The Talented Mr. Ripley
>> Wednesday, January 21, 2009
To be young and carefree amid the blue waters and idyllic landscape of sun-drenched Italy in the late 1950s; that's la dolce vita Tom Ripley craves - and Dickie Greenleaf leads. When Dickie's father, a wealthy ship builder, asks Tom to bring his errant playboy son back home to America, Dickie and his beautiful expatriate girlfriend, Marge Sherwood, never suspect the dangerous extremes to which Ripley will go to make their lifestyle his own. After all, it's better to be a fake somebody than a real nobody.
One of the most underrated Oscar nominated flicks from Anthony Minghella. A star-studded flick in the peak of re-visualized vintage glamour in the nobly decayed crime dimensions of writer Patricia Highsmith's. A story about one of the most capitivating homocidal killers in cinema or suspense novel history: Tom Ripley, who adores the rich handsome Dickie Greenleaf who is a man born with a silver spoon, a man who owns nearly everything he longs for. Then chameleon Ripley transforms into a leech who dries out Dickie's life, also a vulture who devours Dickie's left-over, horridly a crab-alike parasite who deprives Dickie's identify....he's pathologically complicated with all the smolderingly torments beneath his boyish somehow bookish spectackles: repressed sexuality which comes across as intrusive lust for Dickie Greenleaf, the obliteration of struggled low self-esteem, the merciless detachment to slice out his human pathos just to pull off the scheme of self-protection.....eventually he needs to latch all the demons inside the basement of his dim inner corner, and its key tends to be lost for good without the thrusted trust to anyone as the last scene in the movie refers....
"it's better to be a fake somebody instead of a real nobody"....all the symbolism seems to be obvious such as Ripley smothers his intimate pal to death that is to smit the last sense of his remained humanity. and the beat trend jazz dickie is so enamour of stands for his frivolous lifestyle....all the essential classic songs selected in the soundtrack that is a bit too catchy...generally the whole movie is catchy such as its theme, its good-looking cast, its plot hints, its blatantly voyeuristic sensuality (such as Ripley peeps Dickie's nude in the bathtub) ... etc. nothing too mystically hideous, considering its comtemporariness.
It was also Jude Law's crucial chance to contribute to his overnight success as the main sex subject in this movie. There's something worth tackling about his Dickie Greenleaf who is a man of whimsical playfulness, a well-to-do self-dubbed beat bohemian who is enslaved by the ecstaticly tumultous jazz, suffering from the eternal fued of lacking any significant paternal recognition that makes him waywardly linger over his elongated adolescence with an undercurent maternal fixation (which reflects on his choice of women ... always someone tolerantly appreciates his boyish naivete) but clansdetinely traumatized with such un-retrieved loss of identification, also a man assumingly sheltered from his social status and enormous wealth that prevents him from fledging into maturity, but who wants to grow anyway? Growing up takes grim hardship, naturally Dickie becomes the envious center for everyone since he has wealth, looks, youth and he's damned popular with ladies.
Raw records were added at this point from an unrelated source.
Lemma QA_ip z : Re (ip (QA z) z) = normsq (SA z) + 4 * normsq (ReA2 z).
Proof.
have -> : QA z = SA (SA z) + 4%:R *: ReA2 (ReA2 z) by [].
rewrite ipDl ipZl selfadjoint_SA (selfadjoint_Re (adjoint_comp A_adj A_adj)) /normsq.
by move: (ip (SA z) (SA z)) (ip (ReA2 z) (ReA2 z)) => [? ?] [? ?] /=; ring.
Qed.

Lemma normsq_SA_ReA2 z :
  normsq (SA z) + 4 * normsq (ReA2 z) = 8 * (normsq (ReA (ReA z)) + normsq (ImA (ImA z))).
Proof.
rewrite ReA_sqr ImA_sqr !normsq_realZ !normsqD !normsq_realZ !ipZr !conjc_real !Re_realM.
by field.
Qed.

Lemma cabs_ip_combination (f g : R) x :
  cabs (ip (op_add (op_scale f%:C A) (op_scale g%:C As) x) x) ^+ 2 =
  (f + g) ^+ 2 * Re (ip (A x) x) ^+ 2 + (f - g) ^+ 2 * Im (ip (A x) x) ^+ 2.
Proof.
rewrite cabs_sqr /op_add /op_scale ipDl !ipZl (adjoint_sym A_adj).
rewrite [ip x (A x)](ip_conj_sym ipV).
by case: (ip (A x) x) => a b; rewrite -!complexr0; simpc => /=; ring.
Qed.

Section NumericalRangeBound.
Variable k : R.
Hypothesis k_ge0 : 0 <= k.
Hypothesis A_numrange : forall x, sphere1 x -> cabs (ip (A x) x) <= k.

Let ReA_lin : linear_op ReA := linear_op_Re A_adj A_lin.
Let ImA_lin : linear_op ImA := linear_op_Im A_adj A_lin.

Lemma numrange_sqr_le x : sphere1 x -> Re (ip (A x) x) ^+ 2 + Im (ip (A x) x) ^+ 2 <= k ^+ 2.
Proof. by move=> x1; rewrite -cabs_sqr ler_sqr ?nnegrE ?cabs_ge0 ?A_numrange. Qed.

Lemma crawford_Re_le : crawford ip ReA <= k.
Proof.
apply: crawford_le_bound => // x x1; rewrite (Re_ip A_adj) cabs_real.
exact: le_trans (normRe_le_cabs _) (A_numrange x1).
Qed.

Lemma crawford_Im_le : crawford ip ImA <= k.
Proof.
apply: crawford_le_bound => // x x1; rewrite (Im_ip A_adj) cabs_real.
exact: le_trans (normIm_le_cabs _) (A_numrange x1).
Qed.

Lemma crawford_Re_sqr_le x : sphere1 x -> crawford ip ReA ^+ 2 <= Re (ip (A x) x) ^+ 2.
Proof.
move=> x1; rewrite -[Re _ ^+ 2](real_normK (num_real _)) ler_sqr ?nnegrE ?crawford_ge0 //.
by have := crawford_le ReA x1; rewrite (Re_ip A_adj) cabs_real.
Qed.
Gwyneth Paltrow is adequate as Dickie's demure love interest but Cate Blanchet's loverstrick beguiled socialette is more sympatheticly riveting as Ripley's attempted prey of seduction. Philip Seymour gives amusingly tricky performance as the sleazy friend of Dickie's who intuitively detects Ripley's orientation.
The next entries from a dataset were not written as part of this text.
Section QuotientWeights.
Variable R : realType.
Variables f g h : nat -> R[i].
Hypothesis f_mult : mult_fun f.
Hypothesis g_mult : mult_fun g.
Hypothesis gE : forall n : nat, (0 < n)%N -> g n = dconv f h n.
Variables (beta delta sigma : R) (k N : nat).
Hypothesis beta_le : beta <= sigma.
Hypothesis zeta_exp : 1 < (sigma - delta) * k.+1%:R.
Hypothesis p_large : forall p : nat, (N < p)%N -> 2 <= p%:R `^ (sigma - delta).
Hypothesis f_small : forall n : nat, (N < n)%N ->
  Normc.normc (f n) <= 1/4 * n%:R `^ delta.
Hypothesis g_small : forall n : nat, (N < n)%N ->
  Normc.normc (g n) <= 1/4 * n%:R `^ delta.

Lemma large_prime_weight_le p K : prime p -> (N < p)%N ->
  \sum_(1 <= j < K) Normc.normc (h (p ^ j)%N) / (p ^ j)%N%:R `^ sigma <=
   2 * \sum_(1 <= j < k.+1)
         Normc.normc (f (p ^ j)%N - g (p ^ j)%N) / p%:R `^ (j%:R * beta)
   + 2 * (p%:R `^ ((sigma - delta) * k.+1%:R))^-1.
Proof.
move=> pp Np; have pX_large i : (0 < i)%N -> (N < p ^ i)%N.
  by move=> i0; apply: leq_trans Np (leq_pexp2l (prime_gt0 pp) i0).
apply: (prime_power_sum_le f_mult g_mult gE k K pp beta_le (p_large Np)).
  by move=> i i0; apply/f_small/pX_large.
by move=> i i0; apply/g_small/pX_large.
Qed.

Lemma prime_weight_sums_le (BH BP BZ : R) M :
  (forall K, \sum_(p < N.+1 | prime p) \sum_(1 <= j < K)
      Normc.normc (h (p ^ j)%N) / p%:R `^ (j%:R * sigma) <= BH) ->
  (forall L, \sum_(p < L | prime p) \sum_(1 <= j < k.+1)
      Normc.normc (f (p ^ j)%N - g (p ^ j)%N) / p%:R `^ (j%:R * beta) <= BP) ->
  (forall L, \sum_(1 <= n < L) (n%:R `^ ((sigma - delta) * k.+1%:R))^-1 <= BZ) ->
  \sum_(p < M.+1 | prime p) \sum_(1 <= j < M.+1)
      Normc.normc (h (p ^ j)%N) / (p ^ j)%N%:R `^ sigma <= BH + 2 * BP + 2 * BZ.
Proof.
move=> BH_ge BP_ge BZ_ge.
pose X p := \sum_(1 <= j < M.+1) Normc.normc (h (p ^ j)%N) / (p ^ j)%N%:R `^ sigma.
pose F p := if prime p then X p else 0.
have F_ge0 p : 0 <= F p.
  by rewrite /F; case: ifP => // _; apply: sumr_ge0 => j _;
    rewrite divr_ge0 ?normc_ge0 ?powR_ge0.
have -> : \sum_(p < M.+1 | prime p) X p = \sum_(0 <= p < M.+1) F p.
  by rewrite big_mkcond /= -(big_mkord xpredT F).
set L := (M.+1 + N.+1)%N.
apply: le_trans (ler_sum_nat_widen (leqnn 0) (leq_addr N.+1 M.+1) F_ge0) _.
rewrite (big_cat_nat (leq0n N.+1) (leq_addl M.+1 N.+1)) /= -addrA; apply: lerD.
  apply: le_trans (BH_ge M.+1).
  rewrite -(big_mkord prime (fun p => \sum_(1 <= j < M.+1)
     Normc.normc (h (p ^ j)%N) / p%:R `^ (j%:R * sigma))).
  rewrite [X in _ <= X]big_mkcond /=; apply: ler_sum_nat => p _.
  rewrite /F; case: ifP => // _; rewrite le_eqVlt; apply/orP; left; apply/eqP.
  by apply: eq_bigr => j _; rewrite powR_natrX powR_natrM.
pose Pt p := if prime p then \sum_(1 <= j < k.+1)
    Normc.normc (f (p ^ j)%N - g (p ^ j)%N) / p%:R `^ (j%:R * beta) else 0.
pose Z (n : nat) := (n%:R `^ ((sigma - delta) * k.+1%:R) : R)^-1.
have Pt_ge0 p : 0 <= Pt p.
  by rewrite /Pt; case: ifP => // _; apply: sumr_ge0 => j _;
    rewrite divr_ge0 ?normc_ge0 ?powR_ge0.
have Z_ge0 n : 0 <= Z n by rewrite invr_ge0 powR_ge0.
apply: le_trans (_ : \sum_(N.+1 <= p < L) (2 * Pt p + 2 * Z p) <= _).
  apply: ler_sum_nat => p /andP[Np _]; rewrite /F /Pt.
  case: ifP => pp; last by rewrite mulr0 add0r mulr_ge0.
  exact: large_prime_weight_le.
rewrite big_split /= -!mulr_sumr; apply: lerD; apply: ler_wpM2l => //.
  apply: le_trans (ler_sum_nat_widen (leq0n N.+1) (leqnn L) Pt_ge0) _.
  apply: le_trans (BP_ge L).
  by rewrite [X in _ <= X]big_mkcond /= big_mkord; apply: ler_sum => p _.
by apply: le_trans (BZ_ge L); apply: ler_sum_nat_widen.
Qed.

Lemma conv_quot_weights_bounded :
  Hhat_convergent h N%:R sigma -> strongly_pretentious beta k f g ->
  exists K : R, forall M : nat,
    \sum_(1 <= m < M.+1) Normc.normc (h m) / m%:R `^ sigma <= K.
Proof.
move=> [BH BH_ge] [BP BP_ge]; rewrite natrK in BH_ge.
have [BZ BZ_ge] := zeta_partial_sums_bounded zeta_exp.
exists (expR (BH + 2 * BP + 2 * BZ)) => M.
pose w m := Normc.normc (h m) / m%:R `^ sigma.
have w1 : w 1%N = 1 by rewrite /w (conv_quot1 f_mult g_mult gE) Normc.normc1 powR1 divr1.
have w_ge0 m : 0 <= w m by rewrite divr_ge0 ?normc_ge0 ?powR_ge0.
have w_mul m n : (0 < m)%N -> (0 < n)%N -> coprime m n -> w (m * n)%N = w m * w n.
  move=> m0 n0 cmn; rewrite /w (conv_quot_mul f_mult g_mult gE m0 n0 cmn).
  by rewrite Normc.normcM natrM powRM ?ler0n // invfM mulrACA.
apply: le_trans (sum_le_expR_prime_sums w1 w_ge0 w_mul M) _.
by rewrite ler_expR; exact: prime_weight_sums_le M BH_ge BP_ge BZ_ge.
Qed.

End QuotientWeights.

Theorem theorem3 (R : realType) (f g h : nat -> R[i])
    (alpha beta delta sigma : R) (k : nat) :
  mult_fun f -> mult_fun g ->
  Sbound f alpha ->
  (0 < k)%N -> strongly_pretentious beta k f g ->
  0 < delta -> little_o_pow f delta -> little_o_pow g delta ->
  (forall n : nat, (0 < n)%N -> g n = dconv f h n) ->
  1 / (k.+1)%:R + delta < sigma -> Num.max alpha beta <= sigma ->
  exists Y : R, 0 < Y /\ (Hhat_convergent h Y sigma -> Sbound g sigma).
Proof.
move=> f_mult g_mult Sf _ fg_pret _ f_small g_small gE sigma_gt sigma_ge.
have [alpha_le beta_le] : alpha <= sigma /\ beta <= sigma.
  by move: sigma_ge; rewrite ge_max => /andP.
have zeta_exp : 1 < (sigma - delta) * k.+1%:R.
  by rewrite -ltr_pdivrMr ?ltr0n // ltrBrDr.
have sd_gt0 : 0 < sigma - delta.
  by have := lt_trans ltr01 zeta_exp; rewrite pmulr_lgt0 ?ltr0n.
have quarter_gt0 : (0 : R) < 1/4 by lra.
have [Nf Nf_small] := f_small _ quarter_gt0.
have [Ng Ng_small] := g_small _ quarter_gt0.
have [Np Np_large] := powR_ge2_eventually sd_gt0.
pose N := (maxn (maxn Nf Ng) Np).+1.
have N_large p : (N < p)%N -> 2 <= p%:R `^ (sigma - delta).
  by rewrite /N => ?; apply: Np_large; lia.
have N_f_small n : (N < n)%N -> Normc.normc (f n) <= 1/4 * n%:R `^ delta.
  by rewrite /N => ?; apply: Nf_small; lia.
have N_g_small n : (N < n)%N -> Normc.normc (g n) <= 1/4 * n%:R `^ delta.
  by rewrite /N => ?; apply: Ng_small; lia.
exists N%:R; split; first by rewrite ltr0n.
move=> hH; have [K HK] := conv_quot_weights_bounded f_mult g_mult gE beta_le
  zeta_exp N_large N_f_small N_g_small hH fg_pret.
have [C SC] := Sbound_dconv Sf alpha_le HK.
by exists C => x x1; rewrite (eq_Ssum x gE); apply: SC.
Qed.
The talented Mr. Ripley might be even more engrossing without those straight-down-toward-the-arrow catchiness, but in a way, it's subtly made evaluated in its time. the photographic sceneries are idyllically cozy, the blistening sun scatters everywhere, tastefully shot as minghella's works usually are.
The Talented Mr. Ripley is a must see film! It's a cinematic genius and a total perfection! Anthony Minghella was one of best directors and film makers of our time!
Tom Ripley wants to reveal his darkest secrets to Peter, the men share a loving bond, but he just can't afford to reveal anything, he is completely stuck in his darkness alone. The dialogue is a brilliant metaphor. The piano piece is from Antonio Vivaldi's "Stabat Mater".